US Supreme Court To Take Up Orange County Muslim Surveillance Case
SANTA ANA (CBSLA) - The U.S. Supreme Court Monday agreed to take up an issue regarding the state secrets privilege cited by the government in a civil lawsuit brought by the American Civil Liberties Union on behalf of Orange County mosques that were being spied on by FBI agents.
The U.S. 9th Circuit Court of Appeals on Feb. 28, 2019, overturned a ruling from U.S. District Judge Cormac Carney in a class-action lawsuit involving allegations from Mission Viejo Imam Yassir Fazaga and two other Orange County Muslims, Ali Uddin Malik and Yasser AbdelRahim, that they were the subject of illegal surveillance. The three alleged that for more than a year in 2006 and 2007 the FBI paid a confidential informant to spy on local Muslims.
Justice Department attorneys asserted the state secrets privilege to dismiss various religious discrimination claims, which Carney granted except in all but one case.
The appellate judges said that Carney should have reviewed any state secrets evidence necessary for a determination if the surveillance was legal under Foreign Intelligence Surveillance Act procedures.
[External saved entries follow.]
(* E is the equivalence relation; its topology is transported from the
   subspace D of G via iota (iota is a bijection from D onto E). *)
Definition groupoid_partition (X G : topologicalType) (E : set (X * X))
  (iota : G -> X * X) (D : set G) (O : set (set (X * X))) : Prop :=
  [/\
      finite_set O /\ (forall U, O U -> U !=set0) /\
      (forall U V, O U -> O V -> U `&` V !=set0 -> U = V) /\
      \bigcup_(U in O) U = E,
      (forall U, O U -> rel_clopen D (D `&` iota @^-1` U)),
      (forall U, O U -> U `<=` diag X \/ U `<=` E `\` diag X),
      (forall U, O U ->
         homeo_onto_image (D `&` iota @^-1` U) (fun g => (iota g).1) /\
         homeo_onto_image (D `&` iota @^-1` U) (fun g => (iota g).2)) /\
      (forall U, O U -> U `<=` E `\` diag X ->
         (fst @` U) `&` (snd @` U) = set0) &
      (forall U V, O U -> O V -> rcomp U V = set0 \/ O (rcomp U V)) /\
      (forall U, O U -> O (rinv U))].

(* Transversality makes R and S commute as relations (R.S = S.R), so R v S = R.S and, since
   R and S meet only in the diagonal, every pair of R v S factors through a UNIQUE middle point.
   Uniqueness of middle points gives injections between S-classes of R-related points (hence (i)
   by Cantor-Bernstein) and the unique factorization U = U_R . U_S of the blocks of a groupoid
   partition.  The blocks contained in R form a groupoid partition of R because R embeds into the
   fibred product R x_X S as g |-> (g, unit at the target of g), continuously and with the first
   projection as retraction, so clopenness and the homeomorphism properties transfer; likewise
   for S. *)

From HB Require Import structures.
From mathcomp Require Import all_boot all_order all_algebra.
From mathcomp Require Import all_classical all_reals all_analysis.
Set Implicit Arguments. Unset Strict Implicit. Unset Printing Implicit Defensive.
Local Open Scope classical_set_scope.

Section Relations.
Context {X : Type}.
Implicit Types (A B E : set (X * X)) (O : set (set (X * X))).

Definition partition_respects O A := forall W p, O W -> W p -> A p -> W `<=` A.

Lemma sub_gen_eqrel A : A `<=` gen_eqrel A.
Proof. by move=> p Ap E _; apply. Qed.

Lemma gen_eqrelU_rcomp A B : eqrel_on A -> eqrel_on B ->
  rcomp B A `<=` rcomp A B -> gen_eqrel (A `|` B) = rcomp A B.
Proof.
move=> [rA sA tA] [rB sB tB] BA; apply/seteqP; split => [p|[x z] [y /= [Axy Byz]]].
  apply; last by move=> [x y] /= [Axy|Bxy]; [exists y | exists x].
  split => [x|x y [z /= [Axz Bzy]]|x y z [u /= [Axu Buy]] [v /= [Ayv Bvz]]].
  - by exists x.
  - by apply: BA; exists z; split; [apply: sB | apply: sA].
  - have [w /= [Auw Bwv]] := BA (u, v) (ex_intro _ y (conj Buy Ayv)).
    by exists w; split; [apply: tA Axu Auw | apply: tB Bwv Bvz].
by move=> E [_ _ tE] AB; apply: (tE _ y); apply: AB; [left | right].
Qed.
Lemma Cseq_lim_gpart (eps : R) (mu : C) : 0 < eps < 1 -> Cseq_lim (gpart eps mu) (g eps mu).
Proof.
  intros he. assert (ht := tau_bounds eps he). assert (hs := sqrt_lt_1_of_lt_1 eps he).
  set (B := exp (Cmod mu * sqrt eps * geom_sum (tau eps) 0)).
  assert (Hd : forall n, Cmod (gpart eps mu (S n) - gpart eps mu n)%C
                         <= B * Cmod mu * sqrt eps * tau eps ^ n).
  { intros n. rewrite gpart_S.
    replace (gpart eps mu n * (1 - RtoC (sqrt eps) * mu * RtoC (tau eps ^ n)) - gpart eps mu n)%C
      with (- (gpart eps mu n * (RtoC (sqrt eps) * mu * RtoC (tau eps ^ n))))%C by ring.
    assert (0 <= tau eps ^ n) by (apply pow_le; lra).
    rewrite Cmod_opp, Cmod_mult, Cmod_gpart_factor by lra.
    assert (Cmod (gpart eps mu n) <= B).
    { eapply Rle_trans; [apply Cmod_gpart_le, he | apply exp_le_mono].
      apply Rmult_le_compat_l; [generalize (Cmod_ge_0 mu); nra |].
      unfold geom_sum. apply Rmult_le_compat_r; [apply Rlt_le, Rinv_0_lt_compat |]; lra. }
    replace (B * Cmod mu * sqrt eps * tau eps ^ n)
      with (B * (sqrt eps * Cmod mu * tau eps ^ n)) by ring.
    apply Rmult_le_compat_r; [| easy].
    apply Rmult_le_pos; [apply Rmult_le_pos; [lra | apply Cmod_ge_0] | easy]. }
  assert (Hcoord : forall f : C -> R, (forall z, Rabs (f z) <= Cmod z) ->
            (forall z w, f (z - w)%C = f z - f w) ->
            is_lim_seq (fun n => f (gpart eps mu n))
                       (real (Lim_seq (fun n => f (gpart eps mu n))))).
  { intros f Hf Hsub.
    destruct (ex_finite_lim_seq_of_geom_increments (fun n => f (gpart eps mu n))
                (B * Cmod mu * sqrt eps) (tau eps)) as [l Hl]; [lra | |].
    - intros n. rewrite <- Hsub. eapply Rle_trans; [apply Hf | apply Hd].
    - now rewrite (is_lim_seq_unique _ _ Hl). }
  unfold g, Re, Im. split; simpl.
  - apply (Hcoord fst); [apply re_le_Cmod | now intros [] []].
  - apply (Hcoord snd); [| now intros [] []].
    intros; eapply Rle_trans; [apply Rmax_r | apply Rmax_Cmod].
Qed.

(** * Uniform convergence on discs *)

(* [epart eps mu (tau eps ^ n)] is [prod_(k < n) exp (- eps^{1/2} mu tau^k)]. *)
Definition epart (eps : R) (mu : C) (T : R) : C :=
  cexp (- RtoC (sqrt eps * geom_sum (tau eps) T) * mu).

Lemma epart_1 (eps : R) (mu : C) : epart eps mu 1 = 1%C.
Proof.
  unfold epart. rewrite geom_sum_1, Rmult_0_r, <- cexp_0. f_equal. ring.
Qed.

Lemma epart_mul (eps : R) (mu : C) (T : R) : 0 < eps < 1 ->
  epart eps mu (tau eps * T) = (epart eps mu T * cexp (- (RtoC (sqrt eps) * mu * RtoC T)))%C.
Proof.
  intros he. assert (ht := tau_bounds eps he).
  unfold epart. rewrite <- cexp_add, geom_sum_mul by lra. f_equal.
  rewrite Rmult_plus_distr_l, RtoC_plus, !RtoC_mult. ring.
Qed.

Lemma Cmod_epart_le (eps : R) (mu : C) (T : R) : 0 < eps < 1 -> T <= 1 ->
  Cmod (epart eps mu T) <= exp (Cmod mu * sqrt eps * geom_sum (tau eps) T).
Proof.
  intros he hT. assert (ht := tau_bounds eps he).
  eapply Rle_trans; [apply Cmod_cexp_le | apply exp_le_mono].
  assert (0 <= geom_sum (tau eps) T) by (apply geom_sum_ge0; lra).
  rewrite Cmod_mult, Cmod_opp, Cmod_R, Rabs_pos_eq
    by (apply Rmult_le_pos; [apply sqrt_pos | easy]).
  right. ring.
Qed.
(* Along the flow Z' = X' / (T - t), so Psi = |Z'|^2.  Since A is only Lipschitz,
   Psi need not be differentiable, and we work with its difference quotients.
   With w the difference quotient of Z + A o X between t and s, the equations
   give exactly Z'(s) = Z'(t) - (s - t)/(T - s) w, hence
     (Psi s - Psi t)/(s - t) = -2/(T - s) <Z'(t), w> + (s - t)/(T - s)^2 |w|^2.
   As s -> t, the Z-part of w tends to Z'(t), the A-part pairs nonnegatively with
   the difference quotient of X by monotonicity, and w stays bounded by Lipschitz
   continuity; so the upper Dini derivative of Psi is <= 0 on [0, T), and a
   supremum argument makes Psi nonincreasing.  Finally Psi(0) = |A X0|^2 / T^2
   because Z(0) = 0. *)

From HB Require Import structures.
From mathcomp Require Import all_boot all_order all_algebra.
From mathcomp Require Import all_classical all_reals all_analysis.
From mathcomp Require Import lra ring.
Set Implicit Arguments. Unset Strict Implicit. Unset Printing Implicit Defensive.
Import Order.TTheory GRing.Theory Num.Theory.
Import numFieldNormedType.Exports.
Local Open Scope classical_set_scope.
Local Open Scope ring_scope.

Section EuclideanDot.
Variables (R : realType) (d : nat).
Implicit Types u v w : 'rV[R]_d.

Lemma edotC u v : edot u v = edot v u.
Proof. by apply: eq_bigr => i _; rewrite mulrC. Qed.

Lemma edotDl u v w : edot (u + v) w = edot u w + edot v w.
Proof. by rewrite /edot -big_split; apply: eq_bigr => i _; rewrite !mxE mulrDl. Qed.

Lemma edotDr u v w : edot w (u + v) = edot w u + edot w v.
Proof. by rewrite edotC edotDl !(edotC w). Qed.

Lemma edotZl (c : R) u v : edot (c *: u) v = c * edot u v.
Proof. by rewrite /edot mulr_sumr; apply: eq_bigr => i _; rewrite !mxE mulrA. Qed.

Lemma edotZr (c : R) u v : edot u (c *: v) = c * edot u v.
Proof. by rewrite edotC edotZl edotC. Qed.

Lemma edotBl u v w : edot (u - v) w = edot u w - edot v w.
Proof. by rewrite edotDl -scaleN1r edotZl mulN1r. Qed.

Lemma edotBr u v w : edot w (u - v) = edot w u - edot w v.
Proof. by rewrite edotC edotBl !(edotC w). Qed.

Lemma edot_ge0 u : 0 <= edot u u.
Proof. by apply: sumr_ge0 => i _; rewrite -expr2 sqr_ge0. Qed.

Lemma enorm_sqr u : enorm u ^+ 2 = edot u u.
Proof. by rewrite sqr_sqrtr // edot_ge0. Qed.

Lemma edot_subZ u w (k : R) :
  edot (u - k *: w) (u - k *: w) = edot u u - 2 * k * edot u w + k ^+ 2 * edot w w.
Proof. by rewrite !(edotBl, edotBr, edotZl, edotZr) (edotC w u); ring. Qed.

Lemma normr_entry_le u i : `|u ord0 i| <= `|u|.
Proof.
rewrite [`|u|]mx_normrE.
exact: (le_bigmax _ (fun ij : 'I_1 * 'I_d => `|u ij.1 ij.2|) (ord0, i)).
Qed.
The FBI appealed that ruling in December with the solicitor general under the Trump administration arguing that it "has the startling consequence of transforming a limited provision of FISA that was designed to safeguard national security information into a mechanism for overriding the executive's invocation of the state-secrets privilege and for adjudicating the merits of private-party claims for substantive relief on the basis of state secrets."
ACLU Attorney Mohammad Tajsar told City News Service it is the first time the Supreme Court is reviewing FISA procedures.
"This is the first time the court has anything to say about FISA," Tajsar said.
"What the Supreme Court has agreed to take up at the government's request is a quite narrow question," Tajsar said.
The attorneys will debate whether a FISA claim "displaces the ability of the government to claim a state secrets privilege," Tajsar said.
The FISA procedures were designed to "protect confidences," and that they are the proper way to "adjudicate these cases," Tajsar said.
The government, he argued, is saying "These cases are so secret not even a secret proceeding FISA authorizes are protective enough for the national security mandate. We think that position is erroneous."
Tajsar said, "The logical extension of that argument is that FISA is unconstitutional. It is an extraordinary argument for the government to make... in a case of surveillance of Muslims in Orange County mosques 15 years ago that this case is still so sensitive that it cannot be heard even under the most stringent procedures in a court in Santa Ana because it threatens to disclose something that would somehow imperil us now."
If the Supreme Court sides with the government it has the potential to lead to a dismissal of the entire case, Tajsar said. There might be "slivers" of the case that survive, "but the general outcome is that everything disappears," he added.
Tajsar noted that there has been a lot already reported about the case over the years.
"Lots of people know about this, but the government is saying, `No, no, no, no one can hear about this because the sky would fall,"' Tajsar said.